Во снах Кодзюро, наверное, можно намного больше – в царящей там атмосфере по умолчанию разрешено заходить как угодно далеко. Но самому Катакуре такое в голову не приходило ни разу.
Чего-то подобного наяву Правый Глаз Дракона может ждать долго, очень долго. И может не дождаться никогда. Но лично для него это не повод что-то менять.
И ещё двести восемьдесят одно слово1.3
Если господин сам сокращает положенную по этикету дистанцию – конечно, уж он-то плевать хотел на все эти условности – да ещё и касается первым, то это привязывает к нему крепче, чем что-либо иное. После такого окончательно понимаешь, что никуда от него не деться.
Ну не то чтобы Катакуре хотелось от Датэ «деваться», но отсутствие желания и отсутствие возможности – это всё-таки несколько разные вещи.
– Всё-то у тебя неправильно, Кодзюро, – сообщает Одноглазый Дракон совершенно будничным тоном, и его ничуть не волнует то, что его разорвавшая хрупкую вечернюю тишину реплика может быть случайно пропущена мимо ушей. – Наоборот.
– В каком смысле? – решает уточнить Катакура, ибо от Масамуне можно ожидать если не чего угодно, то по крайней мере очень многого.
Датэ требуется несколько лишних секунд, чтобы подобрать более точное слово.
– Наизнанку, – уточняет он, приоткрывает глаз, чтобы показать всю серьезность своих слов, и пускается в более подробные и многословные объяснения: – Должны быть внешний гнев и внутреннее спокойствие. Как у Фудо, что я ещё в детстве в храме видел. А у тебя только внешняя невозмутимость, а внутрь вообще заглядывать страшно, там такое творится…
На такую тираду Кодзюро может позволить себе удивленно приподнять бровь и чуть заметно улыбнуться.

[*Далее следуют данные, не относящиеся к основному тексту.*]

(* The statement is purely algebraic: only the symmetry of the Hessians is used.

   1. Real spectral theorem (Section RealSpectral): a symmetric matrix over a
      real closed field is orthogonally diagonalizable; real eigenvectors are
      obtained from eigenvalues over R[i], which are real.
   2. Positive/negative parts (Section PosNegParts): they exist by
      diagonalization, and the negative part has least trace among all
      decompositions M = P' - N' into psd matrices.
   3. Pucci operator (Section PucciOperator): hence P+(M) is the least value of
      Lam tr P' - lam tr N'; so P+ is elliptic, subadditive and P+(0) <= 0.
      (1) => (2) follows by comparing F at B - N + P and B - N + N; and
      (2) => (1) by the inf-convolution F M = inf_p (u_t(p) + P+(M - D^2u(p))). *)

Section RealSpectral.
Variable R : rcfType.
Local Notation toC := (real_complex R).
Implicit Types n k r : nat.

Lemma norm2_gt0 n (v : 'rV[R]_n) : v != 0 -> 0 < (v *m v^T) 0 0.
Proof.
move=> v0; have sq_ge0 j : 0 <= v 0 j * v^T j 0 by rewrite mxE -expr2 sqr_ge0.
rewrite mxE lt_def sumr_ge0 ?andbT //; apply: contra v0.
rewrite psumr_eq0 // => /allP v0; apply/eqP/rowP => j.
by move: (v0 j (mem_index_enum _)); rewrite mxE mulf_eq0 orbb => /eqP ->; rewrite ?mxE.
Qed.

Lemma cnorm2_neq0 n (z : 'rV[complex R]_n) :
  z != 0 -> (z *m (map_mx (@conjc R) z)^T) 0 0 != 0.
Proof.
move=> z0; rewrite mxE psumr_eq0 => [|j _]; last by rewrite !mxE mulcJ_ge0.
apply: contra z0 => /allP z0; apply/eqP/rowP => j.
move: (z0 j (mem_index_enum _)).
by rewrite !mxE mulf_eq0 conjc_eq0 orbb => /eqP ->; rewrite ?mxE.
Qed.

(* The eigenvalues over R[i] of a real symmetric matrix are real:
   comparing z M z^* with its conjugate gives (a - a^* ) |z|^2 = 0. *)
Lemma sym_eigenvalue_real n (M : 'M[R]_n) (z : 'rV[complex R]_n) (a : complex R) :
  M^T = M -> z != 0 -> z *m map_mx toC M = a *: z -> exists mu : R, a = toC mu.
Proof.
move=> sM z0 zM; pose zs := map_mx (@conjc R) z.
have zsM : zs *m map_mx toC M = a^*%C *: zs.
  have realM : map_mx (@conjc R) (map_mx toC M) = map_mx toC M.
    by apply/matrixP => i j; rewrite !mxE conjc_real.
  by rewrite /zs -realM -map_mxM zM map_mxZ.
have sMC : (map_mx toC M)^T = map_mx toC M by rewrite map_trmx sM.
have : a *: (z *m zs^T) = a^*%C *: (z *m zs^T).
  rewrite scalemxAl -zM -mulmxA -[_ *m zs^T]trmxK trmx_mul trmxK sMC zsM.
  by rewrite linearZ /= -scalemxAr.
move=> /(congr1 (fun X : 'M_1 => X 0 0)) /eqP.
rewrite [X in X == _]mxE [X in _ == X]mxE -subr_eq0 -mulrBl mulf_eq0.
rewrite (negbTE (cnorm2_neq0 z0)) orbF subr_eq0 => /eqP.
by case: a {zM zsM} => x y [] /eqP; rewrite -subr_eq0 opprK -mulr2n mulrn_eq0 => /eqP ->; exists x.
Qed.

(* A nonzero subspace (spanned by the free rows of B) which is stable under a
   real symmetric M contains a real eigenvector of M: the restriction of M to
   it has a complex eigenvalue, which is real, hence has a real eigenvector. *)
Lemma sym_stable_eigenvector n r (M : 'M[R]_n) (B : 'M[R]_(r, n)) :
  M^T = M -> (0 < r)%N -> row_free B -> (B *m M <= B)%MS ->
  exists2 v : 'rV[R]_n, v != 0 & (v <= B)%MS /\ exists mu, v *m M = mu *: v.
Proof.
move=> sM r0 fB sBM; pose C := B *m M *m pinvmx B.
have CB : C *m B = B *m M by rewrite mulmxKpV.
have [a /eigenvalueP [w wC w0]] := eigenvalue_closed (map_mx toC C) r0.
have [mu amu] : exists mu : R, a = toC mu.
  apply: (@sym_eigenvalue_real _ M (w *m map_mx toC B)) => //.
    by rewrite mulmx_free_eq0 // row_free_map.
  by rewrite -mulmxA -map_mxM -CB map_mxM mulmxA wC -scalemxAl.
have /det0P [x x0 xC] : \det (C - mu%:M) == 0.
  rewrite -(fmorph_eq0 toC) -det_map_mx map_mxB map_scalar_mx.
  by apply/det0P; exists w => //; rewrite mulmxBr wC mul_mx_scalar {1}amu subrr.
exists (x *m B); first by rewrite mulmx_free_eq0.
split; first exact: submxMl.
exists mu; rewrite -mulmxA -CB mulmxA scalemxAl.
rewrite -mul_mx_scalar; congr (_ *m B); apply/eqP.
by rewrite -subr_eq0 -mulmxBr xC.
Qed.

(* Induction step of the spectral theorem: for every k <= n there are k
   orthonormal rows Q which are eigenvectors of M (Q M = diag(D) Q); the next
   one is found in the M-stable orthogonal complement of the rows of Q. *)
Lemma sym_orthonormal_eigenrows n (M : 'M[R]_n) : M^T = M -> forall k, (k <= n)%N ->
  exists (Q : 'M[R]_(k, n)) (D : 'rV[R]_k),
    Q *m Q^T = 1%:M /\ Q *m M = diag_mx D *m Q.
Proof.
move=> sM; elim=> [|k IH] kn; first by exists 0, 0; split; apply/matrixP => -[].
have [Q [D [QQ QM]]] := IH (ltnW kn).
have rQ : \rank Q = k.
  by apply/eqP; rewrite eqn_leq rank_leq_row -{1}(mxrank1 R k) -QQ mxrankM_maxl.
pose W := kermx Q^T; pose B := row_base W.
have rW : \rank W = (n - k)%N by rewrite mxrank_ker mxrank_tr rQ.
have sBM : (B *m M <= B)%MS.
  rewrite (eqmxMr M (eq_row_base W)) (eq_row_base W); apply/sub_kermxP; rewrite -mulmxA.
  have -> : M *m Q^T = Q^T *m diag_mx D.
    by rewrite -{1}sM -trmx_mul QM trmx_mul tr_diag_mx.
  by rewrite mulmxA (sub_kermxP (submx_refl W)) mul0mx.
have rW0 : (0 < \rank W)%N by rewrite rW subn_gt0.
have [v v0 [vB [mu vM]]] := sym_stable_eigenvector sM rW0 (row_base_free W) sBM.
have vQ : v *m Q^T = 0 by apply/sub_kermxP; rewrite -(eq_row_base W).
pose c := (v *m v^T) 0 0; have c0 : 0 < c := norm2_gt0 v0.
pose q := (Num.sqrt c)^-1 *: v.
have qq : q *m q^T = 1%:M.
  apply/matrixP => i j; rewrite !ord1 /q linearZ /= -scalemxAl -scalemxAr scalerA.
  rewrite [in LHS]mxE -/c [in RHS]mxE /= -expr2 exprVn sqr_sqrtr ?ltW //.
  by rewrite mulVf ?gt_eqF.
have qQ : q *m Q^T = 0 by rewrite /q -scalemxAl vQ scaler0.
have Qq : Q *m q^T = 0 by rewrite -(trmxK Q) -trmx_mul qQ trmx0.
exists (col_mx q Q), (row_mx (mu%:M : 'rV_1) D); split.
  suff e : col_mx q Q *m (col_mx q Q)^T = 1%:M :> 'M_(1 + k) by exact: e.
  by rewrite tr_col_mx mul_col_row qq QQ qQ Qq -scalar_mx_block.
suff e : col_mx q Q *m M = diag_mx (row_mx (mu%:M : 'rV_1) D) *m col_mx q Q
  by exact: e.
rewrite mul_col_mx QM diag_mx_row mul_block_col !mul0mx addr0 add0r.
congr col_mx; rewrite /q -scalemxAl vM scalerA mulrC -scalerA.
by apply/rowP => j; rewrite !mxE big_ord1 !mxE eqxx.
Qed.

Theorem sym_diagonalization n (M : 'M[R]_n) : M^T = M ->
  exists (Q : 'M[R]_n) (D : 'rV[R]_n),
    [/\ Q *m Q^T = 1%:M, Q^T *m Q = 1%:M & M = Q^T *m diag_mx D *m Q].
Proof.
move=> sM; have [Q [D [QQ QM]]] := sym_orthonormal_eigenrows sM (leqnn n).
have QtQ := mulmx1C QQ; exists Q, D; split => //.
by rewrite -mulmxA -QM mulmxA QtQ mul1mx.
Qed.
End RealSpectral.

Section PosNegParts.
Variables (R : realType) (n : nat).
Implicit Types (M P N X Y : 'M[R]_n).

Lemma quad_diag (w E : 'rV[R]_n) :
  (w *m diag_mx E *m w^T) 0 0 = \sum_i E 0 i * w 0 i ^+ 2.
Proof. by rewrite mxE; apply: eq_bigr => i _; rewrite mul_mx_diag !mxE; ring. Qed.

Lemma psd_congr_diag m X (A : 'M[R]_(m, n)) i : psd_mx X -> 0 <= (A *m X *m A^T) i i.
Proof.
case=> _ X_ge0; suff -> : (A *m X *m A^T) i i = (row i A *m X *m (row i A)^T) 0 0.
  exact: X_ge0.
by rewrite tr_row -row_mul !mxE; apply: eq_bigr => j _; rewrite !mxE.
Qed.

Lemma psd0 : psd_mx (0 : 'M[R]_n).
Proof. by split; [rewrite /symmetric_mx trmx0 | move=> v; rewrite mulmx0 mul0mx mxE]. Qed.

Lemma psdD X Y : psd_mx X -> psd_mx Y -> psd_mx (X + Y).
Proof.
move=> [sX pX] [sY pY]; split; first by rewrite /symmetric_mx linearD /= sX sY.
by move=> v; rewrite mulmxDr mulmxDl mxE addr_ge0.
Qed.

Lemma symB X Y : symmetric_mx X -> symmetric_mx Y -> symmetric_mx (X - Y).
Proof. by rewrite /symmetric_mx linearB /= => -> ->. Qed.

Lemma psd_diag_congr (Q : 'M[R]_n) (E : 'rV[R]_n) :
  (forall i, 0 <= E 0 i) -> psd_mx (Q^T *m diag_mx E *m Q).
Proof.
move=> E_ge0; split; first by rewrite /symmetric_mx !trmx_mul trmxK tr_diag_mx mulmxA.
move=> v; rewrite !mulmxA -(mulmxA _ Q) -[Q *m v^T]trmxK trmx_mul trmxK quad_diag.
by apply: sumr_ge0 => i _; rewrite mulr_ge0 ?sqr_ge0.
Qed.

Lemma real_posneg_split (x : R) :
  (if 0 <= x then x else 0) - (if 0 <= x then 0 else - x) = x /\
  (if 0 <= x then x else 0) * (if 0 <= x then 0 else - x) = 0.
Proof. by case: ifP => _; split; rewrite ?subr0 ?mulr0 ?sub0r ?opprK ?mul0r. Qed.

(* Positive and negative parts exist for symmetric matrices: split the
   eigenvalues by sign in an orthonormal eigenbasis. *)
Lemma posneg_decomp_exists M : symmetric_mx M -> exists P N, posneg_decomp M P N.
Proof.
move=> sM; have [Q [D [QQ _ eM]]] := sym_diagonalization sM.
pose Dp := \row_i (if 0 <= D 0 i then D 0 i else 0).
pose Dn := \row_i (if 0 <= D 0 i then 0 else - D 0 i).
have pP : psd_mx (Q^T *m diag_mx Dp *m Q).
  by apply: psd_diag_congr => i; rewrite mxE; case: ifP.
have pN : psd_mx (Q^T *m diag_mx Dn *m Q).
  apply: psd_diag_congr => i; rewrite mxE; case: ifP => // /negbT.
  by rewrite -ltNge oppr_ge0 => /ltW.
exists (Q^T *m diag_mx Dp *m Q), (Q^T *m diag_mx Dn *m Q); split => //.
  rewrite eM -mulmxBl -mulmxBr; congr (_ *m _ *m _); apply/matrixP => i j.
  by rewrite !mxE -mulrnBl (real_posneg_split (D 0 i)).1.
move=> x y; move: pP pN.
set P := Q^T *m diag_mx Dp *m Q; set N := Q^T *m diag_mx Dn *m Q => pP _.
rewrite trmx_mul pP.1 -mulmxA (mulmxA P).
have -> : P *m N = 0.
  rewrite /P /N !mulmxA -(mulmxA _ Q Q^T) QQ mulmx1 -(mulmxA _ (diag_mx Dp)) mulmx_diag.
  have -> : \row_j (Dp 0 j * Dn 0 j) = 0.
    by apply/rowP => j; rewrite !mxE (real_posneg_split (D 0 j)).2.
  by rewrite linear0 mulmx0 mul0mx.
by rewrite mul0mx mulmx0.
Qed.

– Вам страшно? Что-то не верится!
– Мне – нет, – сердито отрезает Датэ и устраивает свой затылок поудобнее на чужих коленях. – Пусть тебя другие боятся... – и закрывает глаз.
Когда Масамуне так лежит – с расслабленным и безмятежным лицом, со свободно разметавшимися вокруг головы тёмными прядями – он чуть меньше похож на грозного владыку Осю и больше – на обычного человека.
Только тонкая мозоль, почти ровным и непрерывным овалом опоясавшая его закрытое правое веко там, где обычно о кожу трется край металлической цубы, напоминает о истиной сущности Датэ. На ощупь она сухая, шершавая и теплая, в точности как драконья чешуя.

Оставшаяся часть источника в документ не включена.